Oral arguments yesterday in Watters v. Wachovia went as expected (or, at least, as this ignoramus expected), with Scalia getting the only laugh and Thomas once again remaining silent (but deadly?), perhaps because he had recused himself and wasn’t present. My previously expressed wishes for a Thomas yuk-fest breakthrough went unfulfilled. He was probably intimidated by the recent poor showing of Michael Richards in the “comedy arena” and didn’t want to try his luck. Justice Ginsburg didn’t rant ala Dennis Miller, as I had hoped, but it’s apparent that she’s been reading the briefs. She caught onto the connection between a “division,” a “department” and an “operating subsidiary,” at least when it comes to the OCC.
I’ll leave the parsing of the nuances to those more adept at it than I. I’ve read reports that Wachovia’s counsel seemed to get the worst of it, but I don’t see that from a reading of the transcript. Maybe you had to be there.

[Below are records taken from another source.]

Local Notation uv u := (delta_mx ord0 u : 'rV[F]_k).
Definition span_be (P : pred (tspan n)) : {vspace 'rV[F]_n} :=
  (\sum_(u < k | P (s0 u)) <[be u]>)%VS.
Definition span_al (P : pred (tspan n)) : {vspace 'rV[F]_n} := (\sum_(t < k | P (s t)) <[al t]>)%VS.
Lemma memv_span_al t (P : pred (tspan n)) : P (s t) -> al t \in span_al P.
Proof. by move=> hP; apply: (subvP (sumv_sup _ hP (subvv _))); exact: memv_line. Qed.

Lemma memv_span_be u (P : pred (tspan n)) : P (s0 u) -> be u \in span_be P.
Proof. by move=> hP; apply: (subvP (sumv_sup _ hP (subvv _))); exact: memv_line. Qed.

Definition lincomb : 'Hom('rV[F]_k, 'rV[F]_n) := linfun (mulmxr (\matrix_(u, j) be u 0 j)).

Lemma lincombE y : lincomb y = \sum_(u < k) y 0 u *: be u.
Proof.
rewrite lfunE /= /mulmxr; apply/rowP => j; rewrite !mxE summxE.
by apply: eq_bigr => u _; rewrite !mxE.
Qed.

Lemma lincomb_delta u : lincomb (uv u) = be u.
Proof.
rewrite lincombE (bigD1 u) //= big1 ?addr0; first by rewrite mxE !eqxx scale1r.
by move=> v hv; rewrite mxE eqxx /= (negbTE hv) scale0r.
Qed.

Hypothesis HL1 : forall t, al t \in (span_be (pred1 (s t)) + span_be (span_lt^~ (s t)))%VS.
Hypothesis HL2 : forall sp, (span_be (pred1 sp) <= span_al (pred1 sp) + span_be (span_lt^~ sp))%VS.
Hypothesis Hcnt : forall sp, #|[pred t | s t == sp]| = #|[pred u | s0 u == sp]|.

Section ClassRows.
Variable sp : tspan n.

Let Il := enum [pred t | s t == sp].
Let VJ := <<[seq uv u | u <- enum [pred u | s0 u == sp]]>>%VS.
Let Z := span_be (span_lt^~ sp).
Let R := (VJ :&: lincomb @^-1: Z)%VS.

Lemma class_coord0 y u : y \in VJ -> s0 u != sp -> y 0 u = 0.
Proof. by move=> hy hu; apply: span_delta_entry hy; rewrite mem_enum. Qed.

Lemma class_delta u : s0 u == sp -> uv u \in VJ.
Proof. by move=> hu; apply: memv_span; apply: map_f; rewrite mem_enum. Qed.

Lemma class_lifts : exists lift : 'I_k -> 'rV[F]_k,
  forall t, s t == sp -> lift t \in VJ /\ lincomb (lift t) - al t \in Z.
Proof.
suff /fin_all_exists[lift hlift] : forall t, exists l : 'rV[F]_k,
    s t == sp -> l \in VJ /\ lincomb l - al t \in Z by exists lift.
move=> t; case: (boolP (s t == sp)) => ht; last by exists 0.
have := HL1 t; rewrite (eqP ht) => /memv_addP [a ha [z hz e]].
have [c ec] := memv_sum_lines ha.
exists (\sum_(u | s0 u == sp) c u *: uv u) => _; split.
  by apply: rpred_sum => u hu; apply: memvZ; apply: class_delta.
rewrite linear_sum /=.
have -> : \sum_(u | s0 u == sp) lincomb (c u *: uv u) = a.
  by rewrite ec; apply: eq_bigr => u _; rewrite linearZ /= lincomb_delta.
by rewrite e opprD addrA subrr add0r rpredN.
Qed.

Variables (lift : 'I_k -> 'rV[F]_k).
Hypothesis hlift : forall t, s t == sp -> lift t \in VJ /\ lincomb (lift t) - al t \in Z.

Lemma class_coords_sub : (VJ <= <<[::]>> + R + <<[seq lift t | t <- Il]>>)%VS.
Proof.
apply/span_subvP => x0 /mapP [u hu ->]; move: hu; rewrite mem_enum /= => hu.
have /memv_addP [a ha [z hz e]] := subvP (HL2 sp) _ (memv_span_be (P := pred1 sp) hu).
have [d ed] := memv_sum_lines ha.
pose x := \sum_(t | s t == sp) d t *: lift t.
have hx : x \in <<[seq lift t | t <- Il]>>%VS.
  apply: rpred_sum => t ht; apply: memvZ; apply: memv_span; apply: map_f.
  by rewrite mem_enum.
have hxR : uv u - x \in R.
  rewrite memv_cap -memv_preim; apply/andP; split.
    apply: memvB; first exact: class_delta.
    by apply: rpred_sum => t ht; apply: memvZ; case: (hlift ht).
  rewrite linearB /= lincomb_delta e ed /x linear_sum /=.
  have -> : \sum_(t | s t == sp) lincomb (d t *: lift t) =
            \sum_(t | s t == sp) d t *: al t +
            \sum_(t | s t == sp) d t *: (lincomb (lift t) - al t).
    rewrite -big_split /=; apply: eq_bigr => t _.
    by rewrite linearZ /= -scalerDr addrC subrK.
  rewrite opprD addrACA subrr add0r.
  by apply: memvB => //; apply: rpred_sum => t ht; apply: memvZ; case: (hlift ht).
rewrite (_ : uv u = 0 + (uv u - x) + x); last by rewrite add0r subrK.
by apply: memv_add => //; apply: memv_add; rewrite ?span_nil ?mem0v.
Qed.

End ClassRows.

Lemma class_basis sp : exists phi : 'I_k -> 'rV[F]_k,
  [/\ forall t, phi t \in <<[seq uv u | u <- enum [pred u | s0 u == sp]]>>%VS,
      forall t, s t == sp -> lincomb (phi t) - al t \in span_be (span_lt^~ sp)
    & forall y : 'rV[F]_k, \sum_(t | s t == sp) y 0 t *: phi t = 0 ->
        forall t, s t == sp -> y 0 t = 0].
Proof.
set Il := enum [pred t | s t == sp]; set VJ := <<_>>%VS; set Z := span_be _.
have [lift hlift] := class_lifts sp.
have hes : {subset [seq lift t | t <- Il] <= VJ}.
  by move=> x /mapP [t ht ->]; move: ht; rewrite mem_enum => ht; case: (hlift t ht).
have hsz : size [seq lift t | t <- Il] = \dim VJ.
  have /eqP -> : free [seq uv u | u <- enum [pred u | s0 u == sp]].
    exact/free_delta_rows/enum_uniq.
  by rewrite !size_map -!cardE Hcnt.
have hs0 : {subset [::] <= VJ} by [].
have [ds [h1 h2 h3 h4]] := free_extend_mod (capvSl _ _) hes hs0 (nil_free _)
  (class_coords_sub hlift) hsz.
pose phi t := nth 0 ds (index t Il).
exists phi; split.
- move=> t; rewrite /phi; case: (ltnP (index t Il) (size ds)) => hi.
    by apply: h2; exact: mem_nth.
  by rewrite nth_default // mem0v.
- move=> t ht.
  have hti : t \in Il by rewrite mem_enum.
  have hidx : (index t Il < size [seq lift t | t <- Il])%N by rewrite size_map index_mem.
  have := h3 _ hidx; rewrite (nth_map t) ?index_mem // nth_index // memv_cap -memv_preim.
  case/andP => _ hR.
  rewrite (_ : lincomb (phi t) - al t = lincomb (phi t - lift t) + (lincomb (lift t) - al t)).
    by apply: memvD => //; case: (hlift t ht).
  by rewrite linearB /= addrA subrK.
- move=> y hy t ht.
  move: h4 => /= /(freeP (X := in_tuple ds)) hfree.
  pose kk := fun j : 'I_(size ds) => y 0 (nth t Il j).
  have hsum : \sum_(i < size ds) kk i *: (in_tuple ds)`_i = 0.
    rewrite /kk /= -(big_mkord xpredT (fun i => y 0 (nth t Il i) *: nth 0 ds i)) h1 size_map.
    apply: etrans hy; rewrite -big_enum /= -/Il (big_nth t).
    apply: eq_big_nat => j hj; rewrite /phi index_uniq ?enum_uniq //; lia.
  have hj : (index t Il < size ds)%N by rewrite h1 size_map index_mem mem_enum.
  by have := hfree kk hsum (Ordinal hj); rewrite /kk /= nth_index ?mem_enum.
Qed.

Definition class_rows_spec sp (rows : 'I_k -> 'rV[F]_k) :=
  [/\ forall t, s t = sp -> lincomb (rows t) = al t,
      forall t u, s t = sp -> rows t 0 u != 0 -> s0 u = sp \/ span_lt (s0 u) sp
    & forall y : 'rV[F]_k, (forall u, s0 u = sp -> \sum_(t | s t == sp) y 0 t * rows t 0 u = 0) ->
        forall t, s t = sp -> y 0 t = 0].

Lemma class_rows sp : exists rows, class_rows_spec sp rows.
Proof.
have [phi [hphiV hphiZ hfree]] := class_basis sp.
(* correct each phi t by coordinates on factors strictly below sp *)
have /fin_all_exists [c hc] : forall t, exists c : 'I_k -> F, s t == sp ->
    al t - lincomb (phi t) = \sum_(u | span_lt (s0 u) sp) c u *: be u.
  move=> t; case: (boolP (s t == sp)) => ht; last by exists (fun _ => 0).
  have : al t - lincomb (phi t) \in span_be (span_lt^~ sp) by rewrite -opprB rpredN; exact: hphiZ.
  by move/memv_sum_lines => [c' e']; exists c'.
pose lam t : 'rV[F]_k := \row_u (if span_lt (s0 u) sp then c t u else 0).
exists (fun t => phi t + lam t); split.
- move=> t /eqP ht; rewrite linearD /= (lincombE (lam t)).
  have -> : \sum_(u < k) lam t 0 u *: be u = al t - lincomb (phi t).
    rewrite (hc t ht) [in RHS]big_mkcond /=; apply: eq_bigr => u _; rewrite mxE.
    by case: ifP => _; rewrite ?scale0r.
  by rewrite addrC subrK.
- move=> t u ht; rewrite mxE => hne.
  case: (eqVneq (phi t 0 u) 0) => [z|nz].
    right; move: hne; rewrite z add0r mxE; by case: ifP => // _; rewrite eqxx.
  left; apply/eqP; apply/negPn/negP => hu; move: nz; by rewrite (class_coord0 (hphiV t) hu) eqxx.
- move=> y hy t /eqP ht; apply: hfree ht; apply/rowP => u; rewrite mxE.
  case: (boolP (s0 u == sp)) => hu; last first.
    by apply: class_coord0 hu; apply: rpred_sum => t' _; apply: memvZ.
  rewrite -(hy u (eqP hu)) summxE; apply: eq_bigr => t' _; rewrite !mxE.
  by rewrite (eqP hu) span_ltxx addr0.
Qed.

Definition span_height (x : tspan n) := #|[set z | span_lt x z]|.

Lemma span_height_lt x z : span_lt x z -> (span_height z < span_height x)%N.
Proof.
move=> hxz; apply: proper_card; apply/properP; split.
  by apply/subsetP => w; rewrite !inE => hzw; exact: (span_lt_trans n_gt0 hxz hzw).
by exists z; rewrite !inE ?hxz ?span_ltxx.
Qed.

Section ChangeMx.
Variable rows : tspan n -> 'I_k -> 'rV[F]_k.
Hypothesis hrows : forall sp, class_rows_spec sp (rows sp).

Definition change_mx : 'M[F]_k := \matrix_(t, u) rows (s t) t 0 u.

(* row t of change_mx only involves factors u whose span is below s t; induct on span_height *)
Lemma change_mx_upward_inj (Q : pred (tspan n)) :
  (forall x z, Q x -> span_lt x z -> Q z) ->
  forall y : 'rV[F]_k, (forall u, Q (s0 u) -> (y *m change_mx) 0 u = 0) ->
  forall t, Q (s t) -> y 0 t = 0.
Proof.
move=> hQ y hy.
suff H N t : (span_height (s t) < N)%N -> Q (s t) -> y 0 t = 0.
  by move=> t; apply: (H (span_height (s t)).+1).
elim: N t => [|N IH] t // hN hQt.
have [_ htri hBI] := hrows (s t).
apply: (hBI y) => // u hu.
have := hy u; rewrite hu => /(_ hQt); rewrite mxE (bigID (fun t' => s t' == s t)) /= => e.
rewrite -[RHS]e [X in _ = _ + X]big1 ?addr0.
  by apply: eq_bigr => t' /eqP et'; rewrite mxE et'.
move=> t' hne; rewrite mxE.
have [->|nz] := eqVneq (rows (s t') t' 0 u) 0; first by rewrite mulr0.
have [_ htri' _] := hrows (s t').
case: (htri' t' u erefl nz) => [e1|hlt]; first by move: hne; rewrite -e1 hu eqxx.
rewrite hu in hlt; rewrite (IH t') ?mul0r //; last exact: hQ hQt hlt.
by have := span_height_lt hlt; lia.
Qed.

Lemma change_mx_unit : change_mx \in unitmx.
Proof.
rewrite -row_free_unit -kermx_eq0; apply/eqP/row_matrixP => i; rewrite row0.
have hK : row i (kermx change_mx) *m change_mx = 0 by apply/sub_kermxP; rewrite row_sub.
apply/rowP => j; rewrite [RHS]mxE.
by apply: (change_mx_upward_inj (Q := xpredT)) => // u _; rewrite hK mxE.
Qed.

End ChangeMx.

Lemma exists_change_mx : exists Phi : 'M[F]_k,
  [/\ forall t, \sum_(u < k) Phi t u *: be u = al t,
      forall t u, Phi t u != 0 -> s0 u = s t \/ span_lt (s0 u) (s t),
      Phi \in unitmx &
      forall Q : pred (tspan n), (forall x z, Q x -> span_lt x z -> Q z) ->
      forall y : 'rV[F]_k, (forall u, Q (s0 u) -> (y *m Phi) 0 u = 0) ->
      forall t, Q (s t) -> y 0 t = 0].
Proof.
have /fin_all_exists [rows hrows] := class_rows.
exists (change_mx rows); split.
- move=> t; have [hl _ _] := hrows (s t).
  by rewrite -(hl t erefl) lincombE; apply: eq_bigr => u _; rewrite mxE.
- by move=> t u; rewrite mxE => hne; have [_ htri _] := hrows (s t); exact: htri.
- exact: change_mx_unit.
- exact: change_mx_upward_inj.
Qed.

End ChangeMatrix.

Section Converse.
Variables (F : finFieldType) (n : nat) (n_gt0 : (0 < n)%N).
Notation fac_t := (seq (tspan n * 'rV[F]_n)).

Lemma card_nth_count (T : eqType) (x0 : T) (l : seq T) (P : pred T) k : size l = k ->
  #|[pred t : 'I_k | P (nth x0 l t)]| = count P l.
Proof.
move=> hk; rewrite -sum1_card -sum1_count (big_nth x0) hk big_mkord.
by apply: eq_bigl => t; rewrite inE.
Qed.

Lemma tensor_list_equiv_of_factor_span (fac fac0 : fac_t) :
  perm_eq (map fst fac0) (map fst fac) ->
  (forall s, s \in map fst fac -> factor_span fac0 (span_le^~ s) =
     (factor_span fac (pred1 s) + factor_span fac0 (span_lt^~ s))%VS) ->
  trellis_equiv (tensor_list fac) (tensor_list fac0).
Proof.
move=> hperm H'.
pose k := size fac0.
have hk : size fac = k by rewrite /k -(size_map fst fac) -(size_map fst fac0) (perm_size hperm).
pose s (t : 'I_k) := (nth (factor0 F n) fac t).1.
pose al (t : 'I_k) := (nth (factor0 F n) fac t).2.
pose s0 (u : 'I_k) := (nth (factor0 F n) fac0 u).1.
pose be (u : 'I_k) := (nth (factor0 F n) fac0 u).2.
have hYa P : span_al s al P = factor_span fac P by rewrite (factor_span_ord P hk).
have HL1 t : al t \in (span_be s0 be (pred1 (s t)) + span_be s0 be (span_lt^~ (s t)))%VS.
  have hs : s t \in map fst fac by apply: map_f; apply: mem_nth; rewrite hk.
  rewrite -(factor_span_le_split n_gt0) H' // -hYa.
  by apply: (subvP (addvSl _ _)); apply: (memv_span_al al); exact: eqxx.
have HL2 sp :
    (span_be s0 be (pred1 sp) <= span_al s al (pred1 sp) + span_be s0 be (span_lt^~ sp))%VS.
  rewrite hYa; case: (boolP (sp \in map fst fac)) => hsp.
    by rewrite -H' //; apply: factor_span_mono => x /eqP ->; exact: span_le_refl.
  suff -> : span_be s0 be (pred1 sp) = 0%VS by exact: sub0v.
  apply/eqP; rewrite -subv0; apply/subv_sumP => u /eqP hu; exfalso; apply: (negP hsp).
  by rewrite -(perm_mem hperm) -hu; apply: map_f; apply: mem_nth.
have Hcnt sp : #|[pred t | s t == sp]| = #|[pred u | s0 u == sp]|.
  rewrite (card_nth_count (factor0 F n) (fun p => p.1 == sp) hk).
  rewrite (card_nth_count (factor0 F n) (fun p => p.1 == sp) (erefl (size fac0))).
  by rewrite -!(count_map fst (pred1 sp)); move/seq.permP: hperm => ->.
have [Phi [hA hB hU hJ]] := exists_change_mx n_gt0 HL1 HL2 Hcnt.
apply: (@tensor_list_equiv_mx F n k fac fac0 hk erefl Phi) => //.
- move=> i t u hne hu; case: (hB t u hne) => [e|hl]; first by move: hu; rewrite -/(s0 u) e.
  exact: (elem_in_le n_gt0 (span_ltW hl) hu).
- move=> i y hy t ht; apply: (hJ (elem_in^~ i)) => // x z hx hl.
  exact: (elem_in_le n_gt0 (span_ltW hl) hx).
Qed.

I’m sometimes surprised when certain justices end up so far from where they appeared to be during oral argument. When a justice says that he’s “concerned” about an implication, and then permits counsel to take off uninterrupted, you might smell a setup.
I’d expect Scalia and Roberts to be the best bets for Watters based upon their comments, although Scalia asked tough questions of both sides. I also thought Scalia’s and Roberts’ back and forth with Sri Srinivasan (“quick, say ‘Sri Srinivasan’ fast, three times!”) was a fairly good exchange.
To me, Justice Ginsburg appeared to be the OCC’s best buddy, although one reporter thought she leaned toward Michigan. Justice Kennedy definitely seemed pro-Wachovia. Justice Stephens referred to Mr. Long as Mr. Blanchard, so I’m not certain whether he’s been taking his medicine in the proper dosages. He appeared to be hung up on “field preemption.” As Long put it in so many words, “If that floats your boat, right on, and I’ve got two other ways to reason your way to support of the OCC if you fall out of love with that one.” It’s always nice to have more than one peg upon which to hang your hat.
Justice Breyer also mentioned “fielding,” but I assumed he was talking about Derek Jeter’s skill set.
Blanchard was gang tackled right off the bat (which happens), and Long a little bit less so, but both held their own. Overall, however, there’s usually never enough time in those sessions to do more than shoot yourself in the foot, if you’re so inclined. No one seemed to do so, although interested partisans may disagree.
Of course, afterward, both sides thought that they’d done well, and both predicted victory.
Now, let’s hope that over the next six to eight months, the law clerks educate the justices on just what a national bank’s operating subsidiary actually is. Based upon a few of the questions, some of them have a way to travel until they’re up to full speed.
Only one laugh, though. That’s 1.9 laughs under the Roberts’ Court average. It’s also half of what Justice Scalia got yesterday in Massachusetts v. EPA.
Then again, greenhouse gasses are a lot more amusing than the OCC. According to states’ rights advocates, they also smell better.